Азриэль поднялся, не отдохнув, но был счастлив, что вырвался из оков ночных кошмаров. Ему хотелось кинуться к Чаре, проверить, как она. Лишь то, что она, наверное, еще спит, уставшая, заставило его вести себя тихо. Он не хотел ее будить — только навестить и тут же вернуться обратно в постель. Ему просто жизненно необходимо было услышать ее мерное дыхание, увидеть спокойное, не обремененное заботами лицо без намека на грусть, увидеть, как она обнимает подушку во сне.

Принц поднялся и на цыпочках выбрался из комнаты. Он ступал осторожно, поминутно задерживая дыхание, но в доме крепко спали. Из комнаты Чары в щель под дверью лился мягкий свет. Оставила ночник? Азиель всегда гордился подругой, она ничего не боялась: ни темноты, ни кошмаров. Вряд ли они вообще ей снились. Бывало, Азриэль прибегал, дрожа, с мокрой шерстью вокруг глаз. Чара тогда обнимала его и шептала, что кошмары нужно побеждать, нещадно уничтожать прямо во сне, и тогда они больше не придут. Азриэль верил ей.
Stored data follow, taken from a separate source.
Lemma orbit_rep_ten_orbits :
  [/\ forall j, [/\ inGamma al (orbit_rep j).1 (orbit_rep j).2,
                    inGamma al (orbit_rep j).2 (orbit_rep j).1
                  & ~ peq (orbit_rep j).1 (orbit_rep j).2],
      forall j j', j != j' ->
        ~ peq (orbit_rep j).1 (orbit_rep j').1 /\ ~ peq (orbit_rep j).1 (orbit_rep j').2
    & forall p q, inGamma al p q -> inGamma al q p -> ~ peq p q ->
        exists j, peq p (orbit_rep j).1 \/ peq p (orbit_rep j).2].
Proof.
split; [| exact: orbit_rep_disjoint | by move=> p q G _ _; apply: orbit_rep_cover G].
move=> j; have G := orbit_rep_inGamma j.
by split; [| exact: inGamma_sym | exact: orbit_rep_nondeg].
Qed.

End TenOrbits.

Section Closed.
Variable k : closedFieldType.

Lemma sqrt_exists (a : k) : exists x, x ^+ 2 = a.
Proof.
have [x hx] := @solve_monicpoly k 2 (fun i => if i == 0%N then a else 0) isT.
by exists x; rewrite hx !big_ord_recl big_ord0 /=; ring.
Qed.

Lemma palindromic_root_exists (al : k) : al != 0 -> exists r, al * r ^+ 2 + 2 * r + al = 0.
Proof.
move=> al0.
have [x hx] := @solve_monicpoly k 2 (fun i => if i == 0%N then -1 else - 2 / al) isT.
exists x; move: hx; rewrite !big_ord_recl big_ord0 /= => hx.
by apply: (lincomb1 al hx); field_neq0.
Qed.

End Closed.

Unset Implicit Arguments. Set Strict Implicit.

Theorem corollary2p3 (k : closedFieldType) (al : k)
    (hchar : (2%:R : k) != 0) (hal : al * (1 - al ^+ 2) != 0) :
  [/\ (* Gamma is the graph of a map sigma on p (well-defined on P^3),
         with sigma(p) contained in p *)
      [/\ (forall p q q', inGamma al p q -> inGamma al p q' -> peq q q'),
          (forall p p' q, inGamma al p q -> peq p p' -> inGamma al p' q) &
          (forall p q, inGamma al p q -> exists r, inGamma al q r)],
      (* the points of Gamma are exactly those listed in (o)-(iv) *)
      (forall p q, inGamma al p q <-> Gamma_listed al p q),
      (* sigma(Z_i) = Z_i *)
      (forall (i : 'I_5) p q, inGamma al p q -> (inZ al i p <-> inZ al i q)) &
      (* sigma has exactly ten orbits of order two *)
      exists O : 'I_10 -> 'rV[k]_4 * 'rV[k]_4,
        [/\ forall j, [/\ inGamma al (O j).1 (O j).2, inGamma al (O j).2 (O j).1
                        & ~ peq (O j).1 (O j).2],
            forall j j', j != j' -> ~ peq (O j).1 (O j').1 /\ ~ peq (O j).1 (O j').2
          & forall p q, inGamma al p q -> inGamma al q p -> ~ peq p q ->
              exists j, peq p (O j).1 \/ peq p (O j).2]].
Proof.
have [al0 al_m1 al_p1] : [/\ al != 0, 1 - al != 0 & 1 + al != 0].
  move: hal; rewrite (_ : 1 - al ^+ 2 = (1 - al) * (1 + al)); last by ring.
  by rewrite !mulf_eq0 !negb_or => /and3P.
have [s hs] := sqrt_exists (- 2 * (1 + al)).
have [t ht] := sqrt_exists (2%:R : k).
have [u hu] := sqrt_exists (- 2 * (1 - al)).
have [v hv] := sqrt_exists (- 2 : k).
have [w hw] := sqrt_exists (- 1 : k).
have [r hr] := palindromic_root_exists al0.
have [z hz] : exists z, al * z ^+ 2 = - 2 * r ^+ 2.
  by have [z hz] := sqrt_exists (- 2 * r ^+ 2 / al); exists z; rewrite hz; field.
split.
- split; [exact: inGamma_functional | exact: inGamma_scale |].
  by move=> p q /inGamma_sym; exists p.
- by move=> p q; split; [exact: inGamma_listed | exact: listed_inGamma].
- by move=> i p q G; split; apply: inZ_inGamma => //; exact: inGamma_sym.
exists (orbit_rep s t u v w r z).
exact (orbit_rep_ten_orbits hchar al0 al_m1 al_p1 hs ht hu hv hw hr hz).
Qed.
Так почему свет?..

Принц осторожно заглянул в комнату подруги, Чара лежала на кровати, но глаза были открыты. Девочка не двигалась, смотря в потолок, ее слегка вьющиеся волосы разметались по подушке.

— Чара?..

Азриэль, немного подумав, вошел. В неярком свете глаза Чары, казалось, светились. Стало жутко.

— Чара?.. — повторил он, приближаясь к кровати. Но та даже зрачки на него не скосила.
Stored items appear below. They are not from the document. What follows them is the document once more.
(* For every $n\ge1$, the map sending a nonempty finite sequence $(P_1,\dots,P_j)$ of indecomposable Dyck paths, taken up to cyclic rotation of the sequence, to the necklace of the word $P_1P_2\cdots P_j$ (each path written as a word in $\nearrow,\searrow$, i.e. in $\circ,\bullet$) is a bijection between cyclic sequences of indecomposable Dyck paths of total length $2n$ and $(1,1)$-balanced necklaces of length $2n$. Equivalently, $Cyc_{(1,1)}\simeq Cyc(\nearrow\mathcal{D}\searrow)$ as combinatorial classes (size = length). *)

(* Words over {up, down} are encoded as seq bool:
   true = up (↗, ∘), false = down (↘, •). *)
From mathcomp Require Import all_boot.
Set Implicit Arguments. Unset Strict Implicit. Unset Printing Implicit Defensive.

Definition dyck (w : seq bool) : bool :=
  (count id w == count negb w) &&
  [forall i : 'I_(size w).+1, count negb (take i w) <= count id (take i w)].

Definition indecomposable_dyck (w : seq bool) : bool :=
  [&& dyck w, 0 < size w &
   [forall i : 'I_(size w), (0 < val i) ==>
       (count negb (take i w) < count id (take i w))]].

Definition cyc_eq (T : Type) (s t : seq T) : Prop := exists k, rot k s = t.

(* A (1,1)-balanced word: as many ∘ (weight 1) as • (weight 1). *)
Definition balanced11 (w : seq bool) : bool := count id w == count negb w.

Definition cyc_dyck_seq (n : nat) (ss : seq (seq bool)) : Prop :=
  [/\ ss != [::], all indecomposable_dyck ss & size (flatten ss) = 2 * n].

From mathcomp Require Import all_boot zify.

Set Implicit Arguments.
Unset Strict Implicit.
Unset Printing Implicit Defensive.

(* Splitting a Dyck path at its returns to height 0 factors it uniquely into
   indecomposable Dyck paths.  A balanced word becomes a Dyck path once rotated
   to start at a point of minimal height (cycle lemma), which gives surjectivity.
   Conversely, if a rotation of a concatenation of indecomposable paths is
   again such a concatenation, the rotation starts at a point of height at
   most 0, i.e. at a return to 0, hence between two factors; uniqueness of
   the factorization then shows that the factors were rotated as a block. *)

Local Notation ups w := (count id w).
Local Notation downs w := (count negb w).

Lemma dyckP w :
  reflect (ups w = downs w /\ forall i, downs (take i w) <= ups (take i w))
          (dyck w).
Proof.
apply: (iffP andP) => [[/eqP bal /forallP prefix] | [bal prefix]].
  split=> // i; case: (leqP i (size w)) => [le_iw | lt_wi].
    exact: (prefix (Ordinal (le_iw : i < (size w).+1))).
  by rewrite take_oversize ?(ltnW lt_wi) //; have := prefix ord_max; rewrite take_size.
by split; [apply/eqP | apply/forallP].
Qed.

Lemma indecomposable_dyckP w :
  reflect [/\ dyck w, 0 < size w &
            forall i, 0 < i < size w -> downs (take i w) < ups (take i w)]
          (indecomposable_dyck w).
Proof.
apply: (iffP and3P) => [[dw w_gt0 /forallP inner] | [dw w_gt0 inner]].
  by split=> // i /andP[i_gt0 lt_iw]; have := inner (Ordinal lt_iw); rewrite /= i_gt0.
split=> //; apply/forallP=> i; apply/implyP=> i_gt0.
by apply: inner; rewrite i_gt0 ltn_ord.
Qed.

Lemma dyck_cat u v : dyck u -> dyck v -> dyck (u ++ v).
Proof.
move=> /dyckP[bal_u pre_u] /dyckP[bal_v pre_v]; apply/dyckP; split.
  by rewrite !count_cat bal_u bal_v.
move=> i; rewrite take_cat; case: ltnP => _; first exact: pre_u.
by rewrite !count_cat bal_u leq_add2l.
Qed.

Lemma dyck_flatten ss : all indecomposable_dyck ss -> dyck (flatten ss).
Proof.
elim: ss => [_ | s ss IHss] /=; first by apply/dyckP; split=> // i.
by case/andP=> /indecomposable_dyckP[ds _ _] /IHss; apply: dyck_cat.
Qed.

Lemma flatten_rot (T : Type) j (ss : seq (seq T)) :
  flatten (rot j ss) = rot (size (flatten (take j ss))) (flatten ss).
Proof.
have -> : flatten ss = flatten (take j ss) ++ flatten (drop j ss).
  by rewrite -flatten_cat cat_take_drop.
by rewrite rot_size_cat /rot flatten_cat.
Qed.

Lemma all_rot (T : eqType) (a : pred T) k (s : seq T) : all a (rot k s) = all a s.
Proof. by apply: perm_all; rewrite perm_rot. Qed.

(* Two indecomposable Dyck paths cannot be proper prefixes of one another:
   the shorter one would be a return to height 0 inside the longer one. *)
Lemma indecomposable_dyck_prefix a b x y :
  indecomposable_dyck a -> indecomposable_dyck b -> a ++ x = b ++ y -> a = b.
Proof.
wlog le_ab : a b x y / size a <= size b.
  move=> hwlog ia ib eq_ab.
  case: (leqP (size a) (size b)) => [le_ab | /ltnW le_ba]; first exact: (hwlog a b x y).
  exact/esym/(hwlog b a y x).
move=> /indecomposable_dyckP[/dyckP[bal_a _] a_gt0 _] /indecomposable_dyckP[_ _ inner_b].
move/(f_equal (take (size a))); rewrite take_size_cat // take_cat.
case: ltnP le_ab => [lt_ab _ a_pref | ge_ab le_ab]; last first.
  have -> : size a = size b by lia.
  by rewrite subnn take0 cats0.
by have := inner_b (size a); rewrite a_gt0 lt_ab -a_pref bal_a ltnn => /(_ isT).
Qed.

Lemma flatten_indecomposable_inj ss tt :
  all indecomposable_dyck ss -> all indecomposable_dyck tt ->
  flatten ss = flatten tt -> ss = tt.
Proof.
elim: ss tt => [| s ss IHss] [| t tt] //=.
- by move=> _ /andP[/indecomposable_dyckP[_ t_gt0 _] _] /(f_equal size);
    rewrite size_cat; case: (size t) t_gt0.
- by case/andP=> /indecomposable_dyckP[_ s_gt0 _] _ _ /(f_equal size);
    rewrite size_cat; case: (size s) s_gt0.
case/andP=> ind_s iss /andP[ind_t itt] eq_st.
have eq_s := indecomposable_dyck_prefix ind_s ind_t eq_st.
move: eq_st; rewrite -eq_s => /(f_equal (drop (size s))).
by rewrite !drop_size_cat // => /(IHss _ iss itt) ->.
Qed.

Lemma take_flatten_indecomposable ss k :
  all indecomposable_dyck ss ->
  ups (take k (flatten ss)) <= downs (take k (flatten ss)) ->
  exists j, take k (flatten ss) = flatten (take j ss).
Proof.
elim: ss k => [| s ss IHss] k /=; first by exists 0.
case/andP=> /indecomposable_dyckP[/dyckP[bal_s _] s_gt0 inner_s] iss.
rewrite take_cat; case: ltnP => [lt_ks | ge_ks].
  case: k lt_ks => [| k] lt_ks; first by exists 0; rewrite take0.
  by rewrite leqNgt inner_s ?lt_ks.
rewrite !count_cat bal_s leq_add2l => /(IHss _ iss)[j eq_j].
by exists j.+1; rewrite eq_j.
Qed.

(* Split off the prefix ending at the first return to height 0. *)
Lemma dyck_factorization v :
  dyck v -> exists2 ss, all indecomposable_dyck ss & flatten ss = v.
Proof.
have [m] := ubnP (size v); elim: m v => // m IHm v /ltnSE le_vm dv.
have [/size0nil -> | v_gt0] := posnP (size v); first by exists [::].
have /dyckP[bal_v pre_v] := dv.
pose return0 i := (0 < i) && (ups (take i v) == downs (take i v)).
have return0_v : return0 (size v) by rewrite /return0 take_size bal_v eqxx v_gt0.
case: (ex_minnP (ex_intro return0 _ return0_v)) => i /andP[i_gt0 /eqP bal_i] min_i.
have le_iv := min_i _ return0_v.
have first_factor : indecomposable_dyck (take i v).
  apply/indecomposable_dyckP; split=> [|| j].
  - by apply/dyckP; split=> // j; rewrite -take_min.
  - by rewrite size_takel.
  rewrite size_takel // => /andP[j_gt0 lt_ji].
  rewrite take_takel ?(ltnW lt_ji) // ltn_neqAle pre_v andbT.
  apply: contraTneq lt_ji => bal_j; rewrite -leqNgt; apply: min_i.
  by rewrite /return0 j_gt0 bal_j eqxx.
have rest_dyck : dyck (drop i v).
  apply/dyckP; split.
    by move: bal_v; rewrite -{1 2}(cat_take_drop i v) !count_cat bal_i; lia.
  by move=> j; have := pre_v (i + j); rewrite takeD !count_cat bal_i leq_add2l.
have [|ss iss flatten_ss] := IHm (drop i v) _ rest_dyck; first by rewrite size_drop; lia.
by exists (take i v :: ss); rewrite /= ?first_factor // flatten_ss cat_take_drop.
Qed.

(* Cycle lemma: rotate to a point of minimal height [ups - downs]; the height
   is shifted by [size w] to avoid truncated subtraction. *)
Lemma balanced_rot_dyck w :
  ups w = downs w -> exists2 k, k <= size w & dyck (rot k w).
Proof.
move=> bal.
pose shifted_height (i : 'I_(size w).+1) :=
  ups (take i w) + (size w - downs (take i w)).
have [k _ min_k] := arg_minnP (P := xpredT) shifted_height (i0 := ord0) isT.
have downs_le i : downs (take i w) <= size w.
  by rewrite (leq_trans (count_size _ _)) // size_take_min geq_minr.
have min_height i : i <= size w ->
    ups (take k w) + downs (take i w) <= ups (take i w) + downs (take k w).
  move=> le_iw; have := min_k (Ordinal (le_iw : i < (size w).+1)) isT.
  rewrite /shifted_height /=; have := downs_le i; have := downs_le k; lia.
have le_kw : k <= size w by rewrite -ltnS ltn_ord.
have split_bal := bal; rewrite -(cat_take_drop k w) !count_cat in split_bal.
exists k => //; apply/dyckP; split.
  by rewrite /rot !count_cat; lia.
move=> i; rewrite /rot take_cat size_drop; case: ltnP => lt_i.
  by have := min_height (k + i) ltac:(lia); rewrite takeD !count_cat; lia.
rewrite -take_min !count_cat.
have := min_height (minn (i - (size w - k)) k) (leq_trans (geq_minr _ _) le_kw).
lia.
Qed.

Lemma rot_flatten_indecomposable ss tt k :
  all indecomposable_dyck ss -> all indecomposable_dyck tt ->
  rot k (flatten ss) = flatten tt -> exists j, rot j ss = tt.
Proof.
move=> iss itt rot_st.
have /dyckP[bal_s _] := dyck_flatten iss.
have /dyckP[_ pre_t] := dyck_flatten itt.
have cut_low : ups (take k (flatten ss)) <= downs (take k (flatten ss)).
  have := pre_t (size (drop k (flatten ss))).
  rewrite -rot_st /rot take_size_cat //.
  move: bal_s; rewrite -{1 2}(cat_take_drop k (flatten ss)) !count_cat; lia.
have [j take_j] := take_flatten_indecomposable iss cut_low.
have drop_j : drop k (flatten ss) = flatten (drop j ss).
  move: (cat_take_drop k (flatten ss)); rewrite take_j.
  rewrite -[X in _ = flatten X](cat_take_drop j ss) flatten_cat.
  by move/eqP; rewrite eqseq_cat // eqxx => /eqP.
exists j; apply: flatten_indecomposable_inj => //.
  by rewrite all_rot.
by rewrite -rot_st /rot drop_j take_j -flatten_cat.
Qed.

Theorem mainTheorem2 (n : nat) (hn : 1 <= n) :
  (* the map ss |-> necklace of flatten ss is well defined on cyclic classes *)
  (forall ss tt : seq (seq bool), cyc_dyck_seq n ss -> cyc_eq ss tt ->
      cyc_dyck_seq n tt /\ cyc_eq (flatten ss) (flatten tt)) /\
  (* it lands in (1,1)-balanced necklaces of length 2n *)
  (forall ss, cyc_dyck_seq n ss ->
      balanced11 (flatten ss) /\ size (flatten ss) = 2 * n) /\
  (* injective on cyclic classes *)
  (forall ss tt, cyc_dyck_seq n ss -> cyc_dyck_seq n tt ->
      cyc_eq (flatten ss) (flatten tt) -> cyc_eq ss tt) /\
  (* surjective onto (1,1)-balanced necklaces of length 2n *)
  (forall w : seq bool, size w = 2 * n -> balanced11 w ->
      exists2 ss, cyc_dyck_seq n ss & cyc_eq (flatten ss) w).
Proof.
split; [|split; [|split]].
- move=> ss _ [ss_nil iss size_ss] [k <-].
  split; [split | by rewrite flatten_rot; eexists].
  + by rewrite -size_eq0 size_rot size_eq0.
  + by rewrite all_rot.
  + by rewrite flatten_rot size_rot.
- by move=> ss [_ /dyck_flatten/dyckP[bal _] size_ss]; split=> //; apply/eqP.
- by move=> ss tt [_ iss _] [_ itt _] [k]; apply: rot_flatten_indecomposable.
- move=> w size_w /eqP bal.
  have [k le_kw /dyck_factorization[ss iss flatten_ss]] := balanced_rot_dyck bal.
  exists ss; last by exists (size w - k); rewrite flatten_ss -(size_rot k w); exact: rotK.
  split=> //; last by rewrite flatten_ss size_rot.
  apply: contraTneq hn => ss_nil.
  by move: flatten_ss; rewrite ss_nil => /(congr1 size); rewrite size_rot size_w /=; lia.
Qed.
— Чара, Чара, ну что с тобой?! — по телу крался озноб, пальцы на миг потеряли чувствительность. Все это швырнуло Азриэля на порог истерики. Глаза как всегда защипало, засвербило в носу, он мелко-мелко задрожал. Страх накрыл удушающей волной, и Азриэль с трудом поборол желание метнуться из комнаты прочь. Он заставил себя сделать еще шаг и прикоснуться ко лбу подруги. Липкий и влажный.

— Чара, ты заболела? — всхлипнул Азриэль, глядя в ее пустые глаза, не надеясь на ответ. Вдруг ослабевшая рука девочки схватила его за запястье, веки Чары опустились, из ее груди вырвался то ли вздох, то ли стон. Азриэль вздрогнул и выскочил из комнаты с такими глазами, будто призрака увидел.
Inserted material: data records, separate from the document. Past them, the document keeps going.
(* In the setting of the context, let $(l_u,\delta,l_0)\in\widetilde{\mathrm{CC}}(\tilde X)$, choose an isomorphism $\iota:\mathbb{C}((\tilde z))[[\lambda]]\xrightarrow{\sim}l_u$ whose reduction mod $\lambda$ maps $\mathbb{C}[[\tilde z]]$ onto $l_0$, and let $a(\tilde z,\lambda)=\sum_i a_i(\tilde z)\lambda^i\in\mathbb{C}((\tilde z))[[\lambda]]$ be defined by $(\lambda\frac{d}{d\tilde z}+a)d\tilde z=\iota^{-1}\delta\iota$. Then the essential fiber of the functor $\widetilde{\mathrm{Conn}}(\tilde X)\to\widetilde{\mathrm{CC}}(\tilde X)$ over $(l_u,\delta,l_0)$ is either empty or equivalent to a one-point set, and it is non-empty if and only if $a_1(\tilde z)\in\tilde z^{-1}\mathbb{C}[[\tilde z]]$ and $\operatorname{res}_{\tilde z=0}a(\tilde z,\lambda)=-\lambda/2$.
   Context: Let $t,d\in\mathbb{C}[[z]]$ with $t^2-4d$ having a simple zero at $0$; $\tilde X=\operatorname{Spf}\mathbb{C}[[\tilde z]]$ is the spectral curve $\xi^2-t\xi+d=0$ over $\operatorname{Spf}\mathbb{C}[[z]]$, $\tilde z=\sqrt{t^2-4d}$, and $\mu=\xi\,dz|_{\tilde X}$. A $\lambda$-connection on a module $M$ over $\mathbb{C}((\tilde z))[[\lambda]]$ or $\mathbb{C}[[\tilde z,\lambda]]$ is a $\mathbb{C}[[\lambda]]$-linear $\delta$ with $\delta(fs)=f\delta s+\lambda s\,df$. $\widetilde{\mathrm{Conn}}(\tilde X)$: groupoid of $(l,\delta)$, $l$ free of rank 1 over $\mathbb{C}[[\tilde z,\lambda]]$, $\delta:l\to\tilde z^{-1}l\,d\tilde z$ a $\lambda$-connection with residue $-\lambda/2$ and reduction mod $\lambda$ equal to $\mu$. $\widetilde{\mathrm{CC}}(\tilde X)$: groupoid of $(l_u,\delta,l_0)$, $l_u$ free of rank 1 over $\mathbb{C}((\tilde z))[[\lambda]]$, $\delta:l_u\to l_u\,d\tilde z$ a $\lambda$-connection with reduction mod $\lambda$ equal to $\mu$, $l_0$ a $\mathbb{C}[[\tilde z]]$-lattice in $l_u/\lambda l_u$. Morphisms: isomorphisms respecting all structure. The functor sends $(l,\delta)\mapsto(l\otimes\mathbb{C}((\tilde z)),\delta,l/\lambda l)$. The essential fiber of a functor $F:G_1\to G_2$ over $\gamma_2$ is the groupoid of pairs $(\gamma_1,f)$ with $\gamma_1\in G_1$ and $f:F(\gamma_1)\xrightarrow{\sim}\gamma_2$. *)

From HB Require Import structures.
From mathcomp Require Import all_boot all_order all_algebra.
From mathcomp Require Import boolp.
Set Implicit Arguments. Unset Strict Implicit. Unset Printing Implicit Defensive.
Import Order.TTheory GRing.Theory Num.Theory.
Local Open Scope ring_scope.

Section Series.
Variable K : fieldType.

Definition pser := nat -> K.
Definition padd (p q : pser) : pser := fun n => p n + q n.
Definition pscale (c : K) (p : pser) : pser := fun n => c * p n.
Definition pmul (p q : pser) : pser :=
  fun n => \sum_(k < n.+1) p k * q (n - k)%N.
Definition pone : pser := fun n => (n == 0%N)%:R.
Definition ppow (p : pser) (k : nat) : pser := iter k (pmul p) pone.
(* composition f(Z(x)), meaningful when Z 0 = 0 *)
Definition ps_comp (f Z : pser) : pser :=
  fun n => \sum_(k < n.+1) f k * ppow Z k n.
Definition pder (p : pser) : pser := fun n => p n.+1 *+ n.+1.
Definition pX : pser := fun n => (n == 1%N)%:R.

Definition lser := int -> K.
Definition laurent (f : lser) : Prop :=
  exists N : int, forall n : int, n < N -> f n = 0.
Definition lpow (f : lser) : Prop := forall n : int, n < 0 -> f n = 0.
Definition lpole1 (f : lser) : Prop := forall n : int, n < -1 -> f n = 0.
Definition ps_lift (p : pser) : lser :=
  fun n => match n with Posz k => p k | Negz _ => 0 end.
Definition ladd (f g : lser) : lser := fun n => f n + g n.
Definition lval (f : lser) : int :=
  match pselect (laurent f) with
  | left H => sval (cid H)
  | right _ => 0
  end.
Definition lmul (f g : lser) : lser := fun n =>
  let a := lval f in let b := lval g in
  if ((n - a - b)%R < 0)%R then 0
  else \sum_(k < (absz (n - a - b)%R).+1) f (a + k%:Z)%R * g (n - a - k%:Z)%R.
Definition lder (f : lser) : lser := fun n => f (n + 1) *~ (n + 1).

Definition lattice (S : lser -> Prop) : Prop :=
  (forall f, S f -> laurent f) /\
  S (fun _ => 0) /\
  (forall f g, S f -> S g -> S (ladd f g)) /\
  (forall c f, lpow c -> S f -> S (lmul c f)) /\
  (exists gs : seq lser, (forall g, g \in gs -> S g) /\
     forall f, S f -> exists cs : seq lser, size cs = size gs /\
       (forall c, c \in cs -> lpow c) /\
       f = foldr ladd (fun _ => 0) [seq lmul cg.1 cg.2 | cg <- zip cs gs]) /\
  (forall f, laurent f -> exists c s, laurent c /\ S s /\ f = lmul c s).

(* ---------- K((x))[[y]]  (x = \tilde z, y = lambda) ---------- *)
Definition LL := nat -> lser.
Definition Lvalid (a : LL) : Prop := forall i, laurent (a i).
Definition Lint (a : LL) : Prop := forall i, lpow (a i).
Definition Lpole1 (a : LL) : Prop := forall i, lpole1 (a i).
Definition Ladd (a b : LL) : LL := fun i n => a i n + b i n.
Definition Lmul (a b : LL) : LL :=
  fun i n => \sum_(j < i.+1) lmul (a j) (b (i - j)%N) n.
Definition Lder (a : LL) : LL := fun i => lder (a i).
Definition Llam : LL := fun i n => ((i == 1%N) && (n == 0))%:R.
Definition Lcst (c : pser) : LL := fun i n => if n == 0 then c i else 0.
Definition Lc0 (h : lser) : LL := fun i => if i == 0%N then h else (fun _ => 0).

Definition Llin (G : LL -> LL) : Prop :=
  (forall x, Lvalid x -> Lvalid (G x)) /\
  (forall x y, Lvalid x -> Lvalid y ->
     G (Ladd x y) = Ladd (G x) (G y) /\ G (Lmul x y) = Lmul x (G y)).
Definition Liso (G : LL -> LL) : Prop :=
  Llin G /\ exists H, Llin H /\
    forall x, Lvalid x -> H (G x) = x /\ G (H x) = x.

(* lambda-connections on the module K((x))[[y]] (with values in K((x))[[y]] dx) *)
Definition lconn_u (D : LL -> LL) : Prop :=
  (forall x, Lvalid x -> Lvalid (D x)) /\
  (forall c x y, Lvalid x -> Lvalid y ->
     D (Ladd x y) = Ladd (D x) (D y) /\ D (Lmul (Lcst c) x) = Lmul (Lcst c) (D x)) /\
  (forall f s, Lvalid f -> Lvalid s ->
     D (Lmul f s) = Ladd (Lmul f (D s)) (Lmul Llam (Lmul s (Lder f)))).

(* lambda-connections on the module K[[x, y]] with values in x^{-1}K[[x,y]] dx *)
Definition lconn_int (D : LL -> LL) : Prop :=
  (forall s, Lint s -> Lpole1 (D s)) /\
  (forall c x y, Lint x -> Lint y ->
     D (Ladd x y) = Ladd (D x) (D y) /\ D (Lmul (Lcst c) x) = Lmul (Lcst c) (D x)) /\
  (forall f s, Lint f -> Lint s ->
     D (Lmul f s) = Ladd (Lmul f (D s)) (Lmul Llam (Lmul s (Lder f)))).

(* the reduction mod lambda of D equals (multiplication by) the form m dx *)
Definition red_is (m : lser) (D : LL -> LL) (dom : LL -> Prop) : Prop :=
  forall s, dom s -> D s 0%N = lmul m (s 0%N).

(* residue of D equals -lambda/2 (as endomorphism of l / x l) *)
Definition res_half (D : LL -> LL) : Prop :=
  forall s, Lint s -> forall i : nat,
    D s i (-1) = match i with 0%N => 0 | j.+1 => - (2%:R)^-1 * s j 0 end.

(* objects of \tilde{Conn}: (l, delta) with l = K[[x, y]] *)
Definition Conn_obj (m : lser) (D : LL -> LL) : Prop :=
  lconn_int D /\ res_half D /\ red_is m D Lint.

(* objects of \tilde{CC}: (l_u, delta, l_0) with l_u = K((x))[[y]] *)
Definition CC_obj (m : lser) (D : LL -> LL) (l0 : lser -> Prop) : Prop :=
  lconn_u D /\ red_is m D Lvalid /\ lattice l0.

Definition CC_iso (f : LL -> LL) (D1 : LL -> LL) (S1 : lser -> Prop)
                  (D2 : LL -> LL) (S2 : lser -> Prop) : Prop :=
  Liso f /\ (forall x, Lvalid x -> f (D1 x) = D2 (f x)) /\
  (forall h, S2 h <-> exists h0, S1 h0 /\ f (Lc0 h0) 0%N = h).

Definition base_change (D D' : LL -> LL) : Prop :=
  lconn_u D' /\ forall s, Lint s -> D' s = D s.

Record fiber_obj (m : lser) (D : LL -> LL) (l0 : lser -> Prop) := FiberObj {
  fo_conn : LL -> LL;
  fo_conn_u : LL -> LL;
  fo_iso : LL -> LL;
  fo_conn_ok : Conn_obj m fo_conn;
  fo_bc : base_change fo_conn fo_conn_u;
  fo_iso_ok : CC_iso fo_iso fo_conn_u lpow D l0
}.

(* morphisms (l, delta1, f1) -> (l, delta2, f2) in the essential fiber:
   isomorphisms g of (l,delta) in \tilde{Conn} with f2 o F(g) = f1 *)
Definition fiber_hom m D l0 (o1 o2 : fiber_obj m D l0) (g : LL -> LL) : Prop :=
  (forall s, Lint s -> Lint (g s)) /\
  (forall s', Lint s' -> exists s, Lint s /\ g s = s') /\
  (forall s1 s2, Lint s1 -> Lint s2 -> g s1 = g s2 -> s1 = s2) /\
  (forall f s1 s2, Lint f -> Lint s1 -> Lint s2 ->
      g (Ladd s1 s2) = Ladd (g s1) (g s2) /\ g (Lmul f s1) = Lmul f (g s1)) /\
  (* G = g (x) id : the base change F(g) of g *)
  exists G, Llin G /\ (forall s, Lint s -> G s = g s) /\
    (forall s, Lint s -> G (fo_conn o1 s) = fo_conn o2 (g s)) /\
    (forall x, Lvalid x -> fo_iso o2 (G x) = fo_iso o1 x).

End Series.
Arguments Llam {K}.
Arguments pX {K}.
Arguments pone {K}.

Section Spectral.
Variable K : fieldType.
Definition disc (t d : pser K) : pser K :=
  padd (pmul t t) (pscale (- 4%:R) d).
(* mu = xi dz restricted to \tilde X, written m(\tilde z) d\tilde z, where
   z = Z(\tilde z) and xi = (t(Z) + \tilde z)/2 *)
Definition mu_coef (t Z : pser K) : lser K :=
  ps_lift (pmul (pscale (2%:R)^-1 (padd (ps_comp t Z) pX)) (pder Z)).
End Spectral.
— Мама! Папа! — хныкал он, мчась по коридору. В комнате родителей зажегся свет. Азриэль не хотел возвращаться в комнату, где лежала Чара, такая слабая, непохожая на себя. Вспомнился их разговор, стало дурно, перед глазами плясали черные мушки. Он совершенно перестал соображать. Родители хотя и выглядели обеспокоенными, никак не могли понять, почему их сына настолько потрясла болезнь девочки.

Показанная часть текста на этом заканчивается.